◆ Work required ◆
Check each line of the data below for the string "left". Then give the number of lines that have it, without anything else.
---------- Dataset ----------
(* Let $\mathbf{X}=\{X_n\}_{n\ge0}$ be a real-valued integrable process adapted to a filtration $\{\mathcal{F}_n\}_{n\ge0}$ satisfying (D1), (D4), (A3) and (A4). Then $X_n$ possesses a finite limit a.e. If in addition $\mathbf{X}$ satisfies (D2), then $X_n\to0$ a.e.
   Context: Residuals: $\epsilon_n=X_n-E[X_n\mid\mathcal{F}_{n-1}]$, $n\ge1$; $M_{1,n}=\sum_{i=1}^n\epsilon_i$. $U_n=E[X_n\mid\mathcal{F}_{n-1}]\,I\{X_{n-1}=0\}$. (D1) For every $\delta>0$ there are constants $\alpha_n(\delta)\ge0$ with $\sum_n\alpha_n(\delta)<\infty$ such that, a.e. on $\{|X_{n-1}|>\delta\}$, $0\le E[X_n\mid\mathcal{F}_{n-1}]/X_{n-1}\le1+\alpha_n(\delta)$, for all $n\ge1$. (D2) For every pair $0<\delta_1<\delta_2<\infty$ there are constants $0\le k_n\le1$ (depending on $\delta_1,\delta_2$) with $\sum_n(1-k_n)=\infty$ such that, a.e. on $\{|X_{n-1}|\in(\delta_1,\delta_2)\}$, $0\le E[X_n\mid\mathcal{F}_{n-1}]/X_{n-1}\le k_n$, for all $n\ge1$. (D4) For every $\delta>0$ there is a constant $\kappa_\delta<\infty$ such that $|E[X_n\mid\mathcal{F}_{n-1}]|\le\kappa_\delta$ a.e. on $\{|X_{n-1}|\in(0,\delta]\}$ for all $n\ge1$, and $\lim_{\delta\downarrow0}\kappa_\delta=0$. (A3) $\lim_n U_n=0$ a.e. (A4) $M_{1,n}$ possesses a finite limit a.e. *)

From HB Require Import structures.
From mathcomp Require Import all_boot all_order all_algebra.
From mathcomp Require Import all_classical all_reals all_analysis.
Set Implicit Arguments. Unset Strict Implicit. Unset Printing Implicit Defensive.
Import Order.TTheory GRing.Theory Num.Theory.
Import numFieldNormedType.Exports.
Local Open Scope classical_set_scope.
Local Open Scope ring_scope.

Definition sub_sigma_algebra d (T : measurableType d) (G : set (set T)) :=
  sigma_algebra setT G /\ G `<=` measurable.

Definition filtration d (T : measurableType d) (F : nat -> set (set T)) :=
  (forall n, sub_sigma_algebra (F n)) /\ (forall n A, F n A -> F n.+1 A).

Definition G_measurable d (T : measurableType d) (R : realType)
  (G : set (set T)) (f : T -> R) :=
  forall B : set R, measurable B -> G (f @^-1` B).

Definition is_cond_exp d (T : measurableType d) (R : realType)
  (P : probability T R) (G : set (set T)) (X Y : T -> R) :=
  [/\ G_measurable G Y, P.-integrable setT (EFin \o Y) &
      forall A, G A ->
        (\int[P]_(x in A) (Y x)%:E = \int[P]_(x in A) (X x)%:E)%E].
----------
---------- Dataset ----------
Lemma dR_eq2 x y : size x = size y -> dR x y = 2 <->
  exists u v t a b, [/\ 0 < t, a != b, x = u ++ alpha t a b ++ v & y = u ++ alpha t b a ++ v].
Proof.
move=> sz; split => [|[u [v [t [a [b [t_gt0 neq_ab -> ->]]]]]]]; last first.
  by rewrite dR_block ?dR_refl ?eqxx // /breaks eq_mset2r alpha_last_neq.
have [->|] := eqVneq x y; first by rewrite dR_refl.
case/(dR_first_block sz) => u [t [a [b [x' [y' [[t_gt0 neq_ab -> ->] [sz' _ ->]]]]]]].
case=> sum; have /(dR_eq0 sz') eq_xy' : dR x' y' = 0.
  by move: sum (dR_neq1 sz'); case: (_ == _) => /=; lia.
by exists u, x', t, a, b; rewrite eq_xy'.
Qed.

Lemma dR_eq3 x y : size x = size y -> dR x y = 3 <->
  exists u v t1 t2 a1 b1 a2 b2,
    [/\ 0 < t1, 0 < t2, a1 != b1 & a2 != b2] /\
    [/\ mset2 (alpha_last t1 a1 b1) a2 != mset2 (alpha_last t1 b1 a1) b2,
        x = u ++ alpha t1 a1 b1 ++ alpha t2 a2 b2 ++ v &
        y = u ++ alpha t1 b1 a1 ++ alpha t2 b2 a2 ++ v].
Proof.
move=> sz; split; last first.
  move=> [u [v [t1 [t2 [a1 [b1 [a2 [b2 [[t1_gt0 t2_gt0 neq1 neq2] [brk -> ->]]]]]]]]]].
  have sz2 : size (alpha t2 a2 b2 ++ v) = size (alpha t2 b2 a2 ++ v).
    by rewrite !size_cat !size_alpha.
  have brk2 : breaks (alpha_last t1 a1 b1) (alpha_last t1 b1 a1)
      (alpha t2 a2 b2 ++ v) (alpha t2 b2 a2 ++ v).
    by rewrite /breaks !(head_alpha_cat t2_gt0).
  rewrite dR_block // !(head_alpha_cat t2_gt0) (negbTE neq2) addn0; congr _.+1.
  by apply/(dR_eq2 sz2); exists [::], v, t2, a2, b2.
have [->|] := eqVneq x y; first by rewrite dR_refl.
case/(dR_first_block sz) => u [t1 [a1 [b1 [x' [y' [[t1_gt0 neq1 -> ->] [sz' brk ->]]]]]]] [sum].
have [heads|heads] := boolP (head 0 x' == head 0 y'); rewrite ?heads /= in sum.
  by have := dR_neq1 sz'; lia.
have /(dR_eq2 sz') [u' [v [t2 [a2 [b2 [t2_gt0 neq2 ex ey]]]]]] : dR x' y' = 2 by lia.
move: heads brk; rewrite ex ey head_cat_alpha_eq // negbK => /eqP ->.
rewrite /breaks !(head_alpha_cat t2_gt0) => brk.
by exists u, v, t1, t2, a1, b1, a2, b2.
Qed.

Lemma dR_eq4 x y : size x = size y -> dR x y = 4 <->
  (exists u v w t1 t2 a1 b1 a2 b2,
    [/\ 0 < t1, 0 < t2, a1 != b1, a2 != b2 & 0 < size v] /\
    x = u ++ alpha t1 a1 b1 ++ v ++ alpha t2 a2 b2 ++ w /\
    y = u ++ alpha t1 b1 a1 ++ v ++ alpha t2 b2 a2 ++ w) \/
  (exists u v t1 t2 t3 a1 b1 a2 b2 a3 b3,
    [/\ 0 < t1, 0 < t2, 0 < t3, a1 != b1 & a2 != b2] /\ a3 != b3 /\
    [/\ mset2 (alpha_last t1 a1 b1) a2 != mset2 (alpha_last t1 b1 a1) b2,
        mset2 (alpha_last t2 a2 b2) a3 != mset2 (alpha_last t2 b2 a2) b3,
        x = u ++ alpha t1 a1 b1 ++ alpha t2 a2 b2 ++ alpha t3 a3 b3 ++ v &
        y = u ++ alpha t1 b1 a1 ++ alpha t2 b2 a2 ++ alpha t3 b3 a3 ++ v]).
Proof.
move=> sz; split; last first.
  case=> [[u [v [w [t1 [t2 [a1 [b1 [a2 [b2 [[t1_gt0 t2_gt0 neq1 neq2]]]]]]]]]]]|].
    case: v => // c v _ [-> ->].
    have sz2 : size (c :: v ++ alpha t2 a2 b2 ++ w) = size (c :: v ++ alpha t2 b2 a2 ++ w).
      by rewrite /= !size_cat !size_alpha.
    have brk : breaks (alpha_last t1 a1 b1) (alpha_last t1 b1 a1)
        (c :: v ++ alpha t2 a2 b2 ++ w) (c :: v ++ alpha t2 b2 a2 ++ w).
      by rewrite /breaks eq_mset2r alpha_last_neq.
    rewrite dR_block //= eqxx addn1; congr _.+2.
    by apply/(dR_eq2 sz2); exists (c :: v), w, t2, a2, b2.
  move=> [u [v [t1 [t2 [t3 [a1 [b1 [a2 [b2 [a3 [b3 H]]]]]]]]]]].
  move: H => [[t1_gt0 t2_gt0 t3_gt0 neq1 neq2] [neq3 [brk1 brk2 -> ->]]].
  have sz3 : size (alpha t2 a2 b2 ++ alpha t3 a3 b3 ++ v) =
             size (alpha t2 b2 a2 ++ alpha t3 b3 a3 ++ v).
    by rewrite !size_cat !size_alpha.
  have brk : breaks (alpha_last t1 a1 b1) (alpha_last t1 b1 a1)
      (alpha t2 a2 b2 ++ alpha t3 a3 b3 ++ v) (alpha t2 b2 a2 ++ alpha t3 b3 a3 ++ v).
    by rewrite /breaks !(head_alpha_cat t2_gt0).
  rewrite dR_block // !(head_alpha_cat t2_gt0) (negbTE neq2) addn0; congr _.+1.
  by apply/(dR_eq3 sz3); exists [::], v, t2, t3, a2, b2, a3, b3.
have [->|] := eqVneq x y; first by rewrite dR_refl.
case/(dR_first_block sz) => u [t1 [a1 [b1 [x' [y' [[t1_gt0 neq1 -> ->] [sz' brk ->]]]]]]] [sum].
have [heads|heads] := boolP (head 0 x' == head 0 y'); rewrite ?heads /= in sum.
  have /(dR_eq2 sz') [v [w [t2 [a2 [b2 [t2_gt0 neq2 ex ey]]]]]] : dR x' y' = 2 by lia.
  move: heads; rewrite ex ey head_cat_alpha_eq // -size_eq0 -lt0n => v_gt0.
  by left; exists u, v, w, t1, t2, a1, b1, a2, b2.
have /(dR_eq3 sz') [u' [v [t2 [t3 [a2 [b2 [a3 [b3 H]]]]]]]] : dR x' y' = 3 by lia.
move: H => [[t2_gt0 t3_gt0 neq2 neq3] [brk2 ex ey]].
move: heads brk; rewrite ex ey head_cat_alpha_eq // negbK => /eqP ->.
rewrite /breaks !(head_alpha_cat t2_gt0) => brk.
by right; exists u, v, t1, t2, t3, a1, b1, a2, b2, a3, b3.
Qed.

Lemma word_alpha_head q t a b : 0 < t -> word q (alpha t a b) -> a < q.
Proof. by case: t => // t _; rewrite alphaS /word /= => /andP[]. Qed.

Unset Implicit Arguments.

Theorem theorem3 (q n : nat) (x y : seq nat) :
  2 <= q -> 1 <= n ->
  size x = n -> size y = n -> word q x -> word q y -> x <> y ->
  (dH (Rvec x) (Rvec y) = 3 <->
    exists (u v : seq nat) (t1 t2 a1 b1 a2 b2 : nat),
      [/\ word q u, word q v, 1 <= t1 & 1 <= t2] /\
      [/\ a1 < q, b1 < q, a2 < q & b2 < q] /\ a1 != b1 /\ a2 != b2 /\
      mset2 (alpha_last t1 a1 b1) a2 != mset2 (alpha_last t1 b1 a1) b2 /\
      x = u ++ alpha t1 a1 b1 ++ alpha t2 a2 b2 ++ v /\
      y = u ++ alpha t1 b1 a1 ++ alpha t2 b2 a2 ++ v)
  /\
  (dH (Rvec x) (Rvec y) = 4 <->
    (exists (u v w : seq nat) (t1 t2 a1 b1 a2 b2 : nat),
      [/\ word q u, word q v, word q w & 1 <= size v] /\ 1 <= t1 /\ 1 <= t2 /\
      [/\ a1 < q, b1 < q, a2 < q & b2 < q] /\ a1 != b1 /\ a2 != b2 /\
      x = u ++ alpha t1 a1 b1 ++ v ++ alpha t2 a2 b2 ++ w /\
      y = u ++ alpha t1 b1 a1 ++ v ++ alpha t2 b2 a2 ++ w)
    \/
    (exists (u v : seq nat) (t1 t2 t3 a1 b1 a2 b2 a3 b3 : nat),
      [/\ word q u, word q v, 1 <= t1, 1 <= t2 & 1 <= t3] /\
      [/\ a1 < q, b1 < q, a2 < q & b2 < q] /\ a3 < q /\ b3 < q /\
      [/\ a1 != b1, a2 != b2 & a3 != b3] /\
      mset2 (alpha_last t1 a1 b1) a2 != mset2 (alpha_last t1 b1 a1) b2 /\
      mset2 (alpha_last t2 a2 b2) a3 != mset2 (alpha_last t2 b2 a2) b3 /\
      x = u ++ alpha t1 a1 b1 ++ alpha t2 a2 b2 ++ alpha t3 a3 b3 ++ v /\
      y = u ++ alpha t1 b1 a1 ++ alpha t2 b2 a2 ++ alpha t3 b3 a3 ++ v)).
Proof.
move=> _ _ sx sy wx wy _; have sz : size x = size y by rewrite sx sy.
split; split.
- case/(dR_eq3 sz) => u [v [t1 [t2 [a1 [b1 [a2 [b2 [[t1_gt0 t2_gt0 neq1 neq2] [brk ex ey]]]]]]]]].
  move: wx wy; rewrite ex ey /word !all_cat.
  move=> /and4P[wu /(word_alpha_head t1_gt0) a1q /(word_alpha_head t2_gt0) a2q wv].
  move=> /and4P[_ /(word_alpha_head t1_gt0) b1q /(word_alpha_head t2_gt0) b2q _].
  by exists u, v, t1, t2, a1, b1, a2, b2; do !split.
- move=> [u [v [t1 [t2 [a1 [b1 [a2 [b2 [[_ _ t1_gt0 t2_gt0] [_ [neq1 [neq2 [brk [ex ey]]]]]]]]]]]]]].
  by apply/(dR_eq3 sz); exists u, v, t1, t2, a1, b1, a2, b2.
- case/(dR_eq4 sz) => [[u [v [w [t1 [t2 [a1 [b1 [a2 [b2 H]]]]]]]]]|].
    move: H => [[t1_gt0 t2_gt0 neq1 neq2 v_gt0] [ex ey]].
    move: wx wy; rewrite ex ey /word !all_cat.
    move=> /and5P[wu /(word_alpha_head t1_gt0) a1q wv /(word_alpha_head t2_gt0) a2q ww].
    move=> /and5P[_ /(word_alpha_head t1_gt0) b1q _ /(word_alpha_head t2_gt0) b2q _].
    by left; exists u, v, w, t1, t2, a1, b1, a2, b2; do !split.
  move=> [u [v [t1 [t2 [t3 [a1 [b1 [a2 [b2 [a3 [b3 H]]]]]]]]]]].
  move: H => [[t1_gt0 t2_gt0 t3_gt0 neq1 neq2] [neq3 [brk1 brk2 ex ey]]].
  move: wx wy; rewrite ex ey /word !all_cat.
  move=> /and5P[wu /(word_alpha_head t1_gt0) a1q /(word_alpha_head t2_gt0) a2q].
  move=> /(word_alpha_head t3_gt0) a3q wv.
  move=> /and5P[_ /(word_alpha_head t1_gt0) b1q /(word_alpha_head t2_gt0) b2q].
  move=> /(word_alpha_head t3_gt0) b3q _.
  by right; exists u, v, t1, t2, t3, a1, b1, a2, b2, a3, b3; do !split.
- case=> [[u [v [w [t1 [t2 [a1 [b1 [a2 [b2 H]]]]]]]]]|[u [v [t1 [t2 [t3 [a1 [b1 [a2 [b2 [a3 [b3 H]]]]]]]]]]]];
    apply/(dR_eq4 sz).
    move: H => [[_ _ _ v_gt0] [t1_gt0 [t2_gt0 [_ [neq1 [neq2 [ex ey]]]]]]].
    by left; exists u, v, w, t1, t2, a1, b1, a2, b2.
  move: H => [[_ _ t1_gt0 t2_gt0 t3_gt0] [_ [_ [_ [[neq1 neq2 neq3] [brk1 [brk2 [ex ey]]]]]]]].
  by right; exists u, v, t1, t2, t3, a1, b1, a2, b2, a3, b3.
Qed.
----------
◆ Reply to the task ◆
3